STEFAN ZWEIG

STEFAN ZWEIG

If there is a characteristic feature in the style of this writer, social activist and Austrian biographer, it is the meticulous care in psychological construction of his characters. This feature is so enriching for the reader as it is his careful narrative technique.

Stefan Zweig (1881-1942) was born in Vienna and grew up in a privileged economic and cultural environment, within a well-off Jewish family. He received his doctorate in philosophy and studied History of Literature. In these courses, he was associated with prominent names in cultural circles, he began writing poetry and, years later, he published his first novel.

He also did other genres, such as essays and theater, and translated Verlaine and Baudelaire. In the 1920s, his name was notorious, and titles such as ‘Jeremiah’ were pioneers in protesting against the intervention of Germany in World War II. When war broke out, he was exiled to Switzerland, where he worked as a correspondent for the Viennese free press and continued to criticize the war through his articles in favor of tolerance. His story ‘Decisive Moments in History’ was a great success in this regard.
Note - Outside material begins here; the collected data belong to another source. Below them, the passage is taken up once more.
Lemma maxabs_le M c : 0 <= c -> (forall i j, `|M i j| <= c) -> maxabs M <= c.
Proof. by move=> c0 Mc; apply/bigmax_leP; split=> // i _; apply/bigmax_leP; split. Qed.

Lemma maxabs_lt M c : 0 < c -> (forall i j, `|M i j| < c) -> maxabs M < c.
Proof. by move=> c0 Mc; apply/bigmax_ltP; split=> // i _; apply/bigmax_ltP; split. Qed.

Lemma maxabs_gt0 M : M != 0 -> 0 < maxabs M.
Proof.
apply: contraNT; rewrite -leNgt => M_le0; apply/eqP/matrixP=> i j; rewrite mxE.
by apply/eqP; rewrite -normr_le0 (le_trans (maxabs_ge M i j)).
Qed.

End MaxAbs.

Definition natmx (R : Type) (N : nat) (M : 'M[R]_N.+1) (i j : nat) : R :=
  M (inord i) (inord j).

Lemma natmxE (R : Type) (N : nat) (M : 'M[R]_N.+1) (i j : 'I_N.+1) : natmx M i j = M i j.
Proof. by rewrite /natmx !inord_val. Qed.

Lemma aasen_factorization_natmx (R : realFieldType) (N : nat) (A L T : 'M[R]_N.+1)
    (s : 'S_N.+1) (B := perm_mx s *m A *m (perm_mx s)^T) :
  A^T = A -> B = L *m T *m L^T ->
  unit_lower L -> first_col_e1 L -> (forall i j, `|L i j| <= 1) -> sym_tridiag T ->
  aasen_factorization N (maxabs A) (natmx B) (natmx L) (natmx T) (natmx (T *m L^T)).
Proof.
move=> A_sym B_LTL [L_diag L_upper] L_col0 L_bound [T_sym T_tridiag].
have B_perm i j : B i j = A (s i) (s j).
  by rewrite /B tr_perm_mx -col_permE -row_permE !mxE.
have sum_inord (F : 'I_N.+1 -> R) : \sum_(m < N.+1) F m = \sum_(0 <= m < N.+1) F (inord m).
  by rewrite big_mkord; apply: eq_bigr => m _; rewrite inord_val.
split=> [i j _ _ | i j _ _ | i iN | i j /andP[ij jN] | i /andP[i0 iN] | i j _ _ |
         i j _ _ | i j /andP[ij jN] | i j iN jN | i j iN jN]; rewrite /natmx.
- by rewrite B_perm maxabs_ge.
- by rewrite !B_perm -[in LHS]A_sym mxE.
- exact: L_diag.
- have iN : (i < N.+1)%N by lia.
  by rewrite L_upper // (inordK iN) inordK.
- have i_val : val (@inord N i) = i by apply: inordK.
  by rewrite (L_col0 _ (inord 0)) ?i_val ?gtn_eqF //; apply: inordK.
- exact: L_bound.
- by rewrite -[in LHS]T_sym mxE.
- have iN : (i < N.+1)%N by lia.
  by rewrite T_tridiag // (inordK iN) inordK.
- by rewrite mxE sum_inord; apply: eq_bigr => q _; rewrite mxE.
- by rewrite B_LTL -mulmxA mxE sum_inord.
Qed.

Theorem theorem1 (R : realFieldType) (n : nat) (A L T : 'M[R]_n) (s : 'S_n) :
  (3 <= n)%N ->
  A^T = A ->
  A != 0 ->
  perm_mx s *m A *m (perm_mx s)^T = L *m T *m L^T ->
  unit_lower L ->
  first_col_e1 L ->
  (forall i j : 'I_n, `|L i j| <= 1) ->
  sym_tridiag T ->
  growth A T <= 2 ^+ n.-1 /\
  ((6 <= n)%N ->
     (forall i : 'I_n, val i = n.-1 -> `|T i i| < 2 ^+ n.-1 * maxabs A) /\
     growth A T < 2 ^+ n.-1).
Proof.
case: n A L T s => [//|N] A L T s _ A_sym A_neq0 B_LTL L_unit L_col0 L_bound T_tridiag /=.
have Hfac := aasen_factorization_natmx A_sym B_LTL L_unit L_col0 L_bound T_tridiag.
have a_gt0 := maxabs_gt0 A_neq0.
rewrite /growth ler_pdivrMr // ltr_pdivrMr //; split.
  apply: maxabs_le => [|i j]; first by rewrite mulr_ge0 ?exprn_ge0 ?ltW.
  by rewrite -(natmxE T); apply: (norm_t_le_pow Hfac); rewrite -ltnS ltn_ord.
move=> N5; split=> [i /= iN | ].
  by rewrite -(natmxE T) iN; apply: (norm_t_lt_pow Hfac).
apply: maxabs_lt => [|i j]; first by rewrite mulr_gt0 ?exprn_gt0.
by rewrite -(natmxE T); apply: (norm_t_lt_pow Hfac) => //; rewrite -ltnS ltn_ord.
Qed.
(* Let $A\in\mathbb{R}^{m\times n}$ with $A\geq 0$ and $A^{\dagger}\geq 0$. Let $A=M-N=U-V$ be two proper regular splittings of $A$ such that $R(M+U-A)=R(A)$ and $N(M+U-A)=N(A)$. Then, with $H=U^{\dagger}VM^{\dagger}N$, $$\rho(H)\leq \min\{\rho(U^{\dagger}V),\rho(M^{\dagger}N)\}<1.$$
   Context: All matrices are real. $X^{\dagger}$ denotes the Moore–Penrose inverse of $X$, and $\rho(\cdot)$ the spectral radius. For a matrix $X$, $X\geq 0$ means that all entries of $X$ are nonnegative and at least one entry is positive; $X\geq Y$ means $X-Y\geq 0$. $R(X)$ and $N(X)$ denote range and null space. A splitting $A=U-V$ is proper if $R(U)=R(A)$ and $N(U)=N(A)$; it is a proper regular splitting if it is proper, $U^{\dagger}\geq 0$ and $V\geq 0$. A matrix $A$ is semi-monotone if $A^{\dagger}\geq 0$. *)

From mathcomp Require Import all_boot all_order all_algebra.
From mathcomp Require Import reals.
From mathcomp Require Import complex.
Set Implicit Arguments. Unset Strict Implicit. Unset Printing Implicit Defensive.
Import Order.TTheory GRing.Theory Num.Theory.
Local Open Scope ring_scope.

Definition mx_nonneg (R : realType) m n (X : 'M[R]_(m, n)) : Prop :=
  (forall i j, 0 <= X i j) /\ (exists i j, 0 < X i j).

Definition mx_ge (R : realType) m n (X Y : 'M[R]_(m, n)) : Prop :=
  mx_nonneg (X - Y).

(* X is the Moore--Penrose inverse of A (the four Penrose equations;
   for real matrices the adjoint is the transpose). *)
Definition is_MP_inverse (R : realType) m n (A : 'M[R]_(m, n)) (X : 'M[R]_(n, m)) : Prop :=
  [/\ A *m X *m A = A, X *m A *m X = X,
      (A *m X)^T = A *m X & (X *m A)^T = X *m A].

Definition mx_range (R : realType) m n (X : 'M[R]_(m, n)) : 'cV[R]_m -> Prop :=
  fun x => exists y : 'cV[R]_n, x = X *m y.
Definition mx_null (R : realType) m n (X : 'M[R]_(m, n)) : 'cV[R]_n -> Prop :=
  fun x => X *m x = 0.

Definition proper_splitting (R : realType) m n (A U V : 'M[R]_(m, n)) : Prop :=
  [/\ A = U - V,
      (forall x, mx_range U x <-> mx_range A x) &
      (forall x, mx_null U x <-> mx_null A x)].

Definition proper_regular_splitting (R : realType) m n
    (A U V : 'M[R]_(m, n)) (Ud : 'M[R]_(n, m)) : Prop :=
  [/\ proper_splitting A U V, is_MP_inverse U Ud, mx_nonneg Ud & mx_nonneg V].

(* Spectral radius: the largest modulus of a (complex) eigenvalue, i.e. of a
   root of the characteristic polynomial of A viewed over R[i]. *)
Definition spectral_radius (R : realType) n (A : 'M[R]_n) : R :=
  \big[Num.max/0]_(z <- sval (closed_field_poly_normal
        (char_poly (map_mx (real_complex R) A))))
    ComplexField.Normc.normc z.

From mathcomp Require Import all_boot all_order all_algebra.
From mathcomp Require Import reals complex.
Import Order.TTheory GRing.Theory Num.Theory.
Local Open Scope ring_scope.
Set Implicit Arguments. Unset Strict Implicit. Unset Printing Implicit Defensive.

(* Let E := A^+ A, the orthogonal projector onto N(A)^perp; it is nonnegative,
   symmetric and idempotent.  For a proper regular splitting A = X - Y one has
   X^+ X = E, so X^+ Y = E - Q with Q := X^+ A, 0 <= Q <= E and E Q = Q = Q E.
   Up to scaling, a column of E is the only nonnegative fixed vector of E supported
   inside the support of that column; hence Q = E diag(g) with diag(g) commuting
   with E and 0 < g <= 1 on the support of E, i.e. U^+ V = E diag(d_U) and
   M^+ N = E diag(d_M) with 0 <= d < 1 there.  The nonzero eigenvalues of
   E diag(d) are the d_j for the nonzero columns j of E, and
   E diag(d_U) E diag(d_M) = E diag(d_U d_M), which gives both inequalities. *)

Lemma col_mulmx (R : pzSemiRingType) m n p (A : 'M[R]_(m, n)) (B : 'M_(n, p)) j :
  col j (A *m B) = A *m col j B.
Proof. by rewrite !colE mulmxA. Qed.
He met great personalities, from Hermann Hesse to Thomas Mann, Maxim Gorky, Rainer M. Rilke and Albert Einstein, whom he visited in the exile of the physicist at the University of Princeton, United States. He wrote the libretto for the opera The Silent Woman, by Richard Strauss, but Hitler banned the play due to the Jewish origin of Zweig.

Nazism forced him to travel more frequently, to places where he could feel safe: Paris, London, Bath (England), United States, Argentina and Paraguay were among his destinations. In the end, he settled with his second wife in Petropolis (Brazil). Believing that Nazism would spread through the world without remedy, he decided with his wife to commit suicide.

His books were banned in Germany and only over the years we have got to know the work of Stefan Zweig, to discover a great biographer – books about Marie Antoinette, Mary Stuart or Dovstoievski are incomparable – and a moving novelist (‘The Eyes of the Eternal Brother’, ‘The Royal Game’, ‘Letter from an Unknown’, among many others). Let’s remember some of his most celebrated ideas:

 

 

In pain one becomes increasingly sensitive; suffering prepares the ground for the soul, and the pain of the plow to tear the interior, prepares all spiritual fruit.

 

It is not enough to think about death, but we must have it before us ever. Then life becomes more solemn, more important, more fruitful and joyful.

 

Nothing makes people the most unnatural and insubordinate as a long and constant idleness.

 

If some art I know is to resign, because I do not regret that, having a thousand written pages, eight hundred are ending up in the trash and only two hundred are kept as quintessence.

 

No joy for one who has not walked the path of pain.

 

The spiritual man should not join any party; His kingdom is that of justice, which is everywhere on the question.

 

Only the person who has experienced light and darkness, war and peace, and failure and success, only that person has a real life experience.

 

No sacrifice is meaningless if you realize that it is a sacrifice.